Introducing ResLoRA: An Enhanced Framework for LLMs
Large language models (LLMs) with hundreds of billions of parameters have significantly improved performance on various tasks. Fine-tuning these models on specific datasets enhances performance compared to prompting during inference but comes with high costs due to parameter volume. This is where low-rank adaptation (LoRA) comes in as a popular parameter-efficient fine-tuning method for LLMs.
Understanding Low-rank Adaptation (LoRA)
LoRA freezes most parameters in the original model and only updates a few in added modules. It employs low-rank adaptation, merging matrices parallel to frozen linear layers during inference. However, LoRA’s long backward path poses challenges, especially when integrated with ResNet and Transformers, impacting gradient flow during training.
ResLoRA: An Advanced Framework
Researchers from the School of Computer Science and Engineering, Beihang University, Beijing, China, and Microsoft have introduced ResLoRA, an improved framework of LoRA. ResLoRA adds residual paths to LoRA blocks during training and employs merging approaches to convert ResLoRA to LoRA blocks during inference. This innovative approach outperforms original LoRA and other baseline methods across natural language generation (NLG) and understanding (NLU) tasks.

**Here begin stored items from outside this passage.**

(* Consider the multicast coalitional game with player set $\mathcal{N}=\{1,\ldots,N\}$ and value function $$v(S)=\sum_{i\in S}U_i-\sum_{i\in S}\frac{\alpha_i}{R_S}-\frac{\beta+\gamma}{R_S},\qquad R_S=\min_{i\in S}R_i,$$ for nonempty $S\subseteq\mathcal{N}$. Suppose $R_i=R_0$ and $P_{Rx,i}=P_{Rx}$ for all $i\in\mathcal{N}$, so that $\alpha_i=\alpha:=aP_{Rx}X$ for all $i$. Let $$x_i=U_i-\frac{\alpha}{R_0}-\frac{\beta+\gamma}{NR_0},\qquad i\in\mathcal{N}.$$ Then the payoff profile $(x_1,\dots,x_N)$ lies in the core.
   Context: A transmitter multicasts a file of size $X>0$ bits to users $\mathcal{N}=\{1,\dots,N\}$. User $i$ has valuation $U_i\in\mathbb{R}$, downloads at rate $R_i>0$, and consumes receive power $P_{Rx,i}>0$; the transmitter transmits at power $P_{Tx}>0$. Costs per unit energy are $a>0$ at users and $b>0$ at the transmitter; bandwidth cost per second is $w>0$. Set $\alpha_i=aP_{Rx,i}X$, $\beta=bP_{Tx}X$, $\gamma=wX$. The core is the set of payoff vectors $(x_1,\dots,x_N)\in\mathbb{R}^N$ with $\sum_{i\in\mathcal{N}}x_i=v(\mathcal{N})$ and $\sum_{i\in S}x_i\ge v(S)$ for every nonempty $S\subseteq\mathcal{N}$. *)

From mathcomp Require Import all_boot all_order all_algebra.
Set Implicit Arguments. Unset Strict Implicit. Unset Printing Implicit Defensive.
Import Order.TTheory GRing.Theory Num.Theory.
Local Open Scope ring_scope.

Section Game.
Variables (R : realFieldType) (N : nat).

(* R_S = min_{i in S} Rate i  (only meaningful for nonempty S; for S = set0
   an arbitrary value 1 is returned, never used). *)
Definition rate_min (Rate : 'I_N -> R) (S : {set 'I_N}) : R :=
  match [pick i in S] with
  | Some i0 => \big[Num.min/Rate i0]_(i in S) Rate i
  | None => 1
  end.

Definition multicast_value (U : 'I_N -> R) (alpha : 'I_N -> R) (beta gamma : R)
    (Rate : 'I_N -> R) (S : {set 'I_N}) : R :=
  \sum_(i in S) U i - \sum_(i in S) alpha i / rate_min Rate S
    - (beta + gamma) / rate_min Rate S.

Definition in_core (v : {set 'I_N} -> R) (x : 'I_N -> R) : Prop :=
  \sum_(i < N) x i = v [set: 'I_N] /\
  forall S : {set 'I_N}, S != set0 -> \sum_(i in S) x i >= v S.

End Game.

(** The proposed payoff charges each user its own cost
    plus a [1/N] share of the shared cost, so the grand coalition is charged
    exactly its value, while a coalition [S] is charged only [#|S|/N <= 1] of
    the shared cost, hence at most what it would pay on its own. *)
From mathcomp Require Import all_boot all_order all_algebra.
From mathcomp Require Import ring.
Import Order.TTheory GRing.Theory Num.Theory.
Local Open Scope ring_scope.

Lemma rate_min_const {R : realFieldType} {N : nat} {Rate : 'I_N -> R} {r : R}
    {S : {set 'I_N}} :
  S != set0 -> {in S, forall i, Rate i = r} -> rate_min Rate S = r.
Proof.
move=> /set0Pn[j jS] RateS; rewrite /rate_min.
case: pickP => [i0 i0S|noS]; last by rewrite noS in jS.
apply: (big_ind (fun x => x = r)); first exact: RateS.
  by move=> x y -> ->; rewrite minxx.
exact: RateS.
Qed.

Section UniformMulticast.
Variables (R : realFieldType) (N : nat).
Variables (U alpha Rate : 'I_N -> R) (beta gamma c r : R).
Hypotheses (Rate_const : forall i, Rate i = r) (alpha_const : forall i, alpha i = c).

Let v := multicast_value U alpha beta gamma Rate.

Lemma multicast_value_uniform (S : {set 'I_N}) : S != set0 ->
  v S = \sum_(i in S) U i - c / r *+ #|S| - (beta + gamma) / r.
Proof.
move=> S0; have rate_minS : rate_min Rate S = r.
  by apply: rate_min_const => // i _.
rewrite /v /multicast_value rate_minS -sumr_const.
by congr (_ - _ - _); apply: eq_bigr => i _; rewrite alpha_const.
Qed.

Lemma even_split_in_core : (0 < N)%N -> 0 < r -> 0 <= beta + gamma ->
  in_core v (fun i => U i - c / r - (beta + gamma) / (N%:R * r)).
Proof.
move=> N_gt0 r_gt0 cost_ge0; set share := (beta + gamma) / (N%:R * r).
have shares_total : share *+ N = (beta + gamma) / r.
  rewrite -mulr_natr /share; field.
  by rewrite gt_eqF // pnatr_eq0 -lt0n N_gt0.
have sum_payoff (S : {set 'I_N}) : \sum_(i in S) (U i - c / r - share)
    = \sum_(i in S) U i - c / r *+ #|S| - share *+ #|S|.
  by rewrite !sumrB !sumr_const.
split.
  have setT0 : [set: 'I_N] != set0 by apply/set0Pn; exists (Ordinal N_gt0).
  rewrite multicast_value_uniform // -(eq_bigl _ _ (fun i => in_setT i)).
  by rewrite sum_payoff cardsT card_ord shares_total.
move=> S S0; rewrite multicast_value_uniform // sum_payoff lerD2l lerN2.
rewrite -shares_total ler_wpMn2l //.
  by rewrite divr_ge0 // mulr_ge0 // ltW.
by rewrite -[X in (_ <= X)%N]card_ord max_card.
Qed.

End UniformMulticast.

Theorem proposition1 (R : realFieldType) (N : nat) (hN : (0 < N)%N)
  (X : R) (U : 'I_N -> R) (Rate : 'I_N -> R) (PRx : 'I_N -> R)
  (PTx a b w R0 P : R)
  (hX : 0 < X) (hRate : forall i, 0 < Rate i) (hPRx : forall i, 0 < PRx i)
  (hPTx : 0 < PTx) (ha : 0 < a) (hb : 0 < b) (hw : 0 < w)
  (hR0 : forall i, Rate i = R0) (hP : forall i, PRx i = P) :
  let alpha := fun i => a * PRx i * X in
  let beta := b * PTx * X in
  let gamma := w * X in
  in_core (multicast_value U alpha beta gamma Rate)
    (fun i => U i - a * P * X / R0 - (beta + gamma) / (N%:R * R0)).
Proof.
move=> alpha beta gamma.
have alpha_const i : alpha i = a * P * X by rewrite /alpha hP.
have R0_gt0 : 0 < R0 by rewrite -(hR0 (Ordinal hN)).
apply: even_split_in_core => //.
by rewrite ltW // addr_gt0 // !mulr_gt0.
Qed.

ResLoRA introduces three blocks inspired by ResNet—input-shortcut, block-shortcut, and middle-shortcut—adding residual paths to LoRA blocks. These structures improve gradient flow during training and crucial for efficient parameter tuning. To seamlessly integrate ResLoRA with linear layers, a merging approach has been designed. This merging relies on previous block weights to ensure accurate model merging.
Enhanced Performance and Results
In extensive experiments across NLG, NLU, and text-to-image tasks, ResLoRA consistently outperforms other variants like AdaLoRA, LoHA, and LoKr. It showcases improvements in accuracy ranging from 10.98% to 36.85% and demonstrates faster training and superior image generation quality compared to LoRA.
Overall, ResLoRA proves to be an effective framework for fine-tuning LLMs, offering superior outcomes with fewer training steps and no additional trainable parameters. It sets a new standard in the field, combining the benefits of LoRA with innovative approaches for enhanced performance across various AI tasks.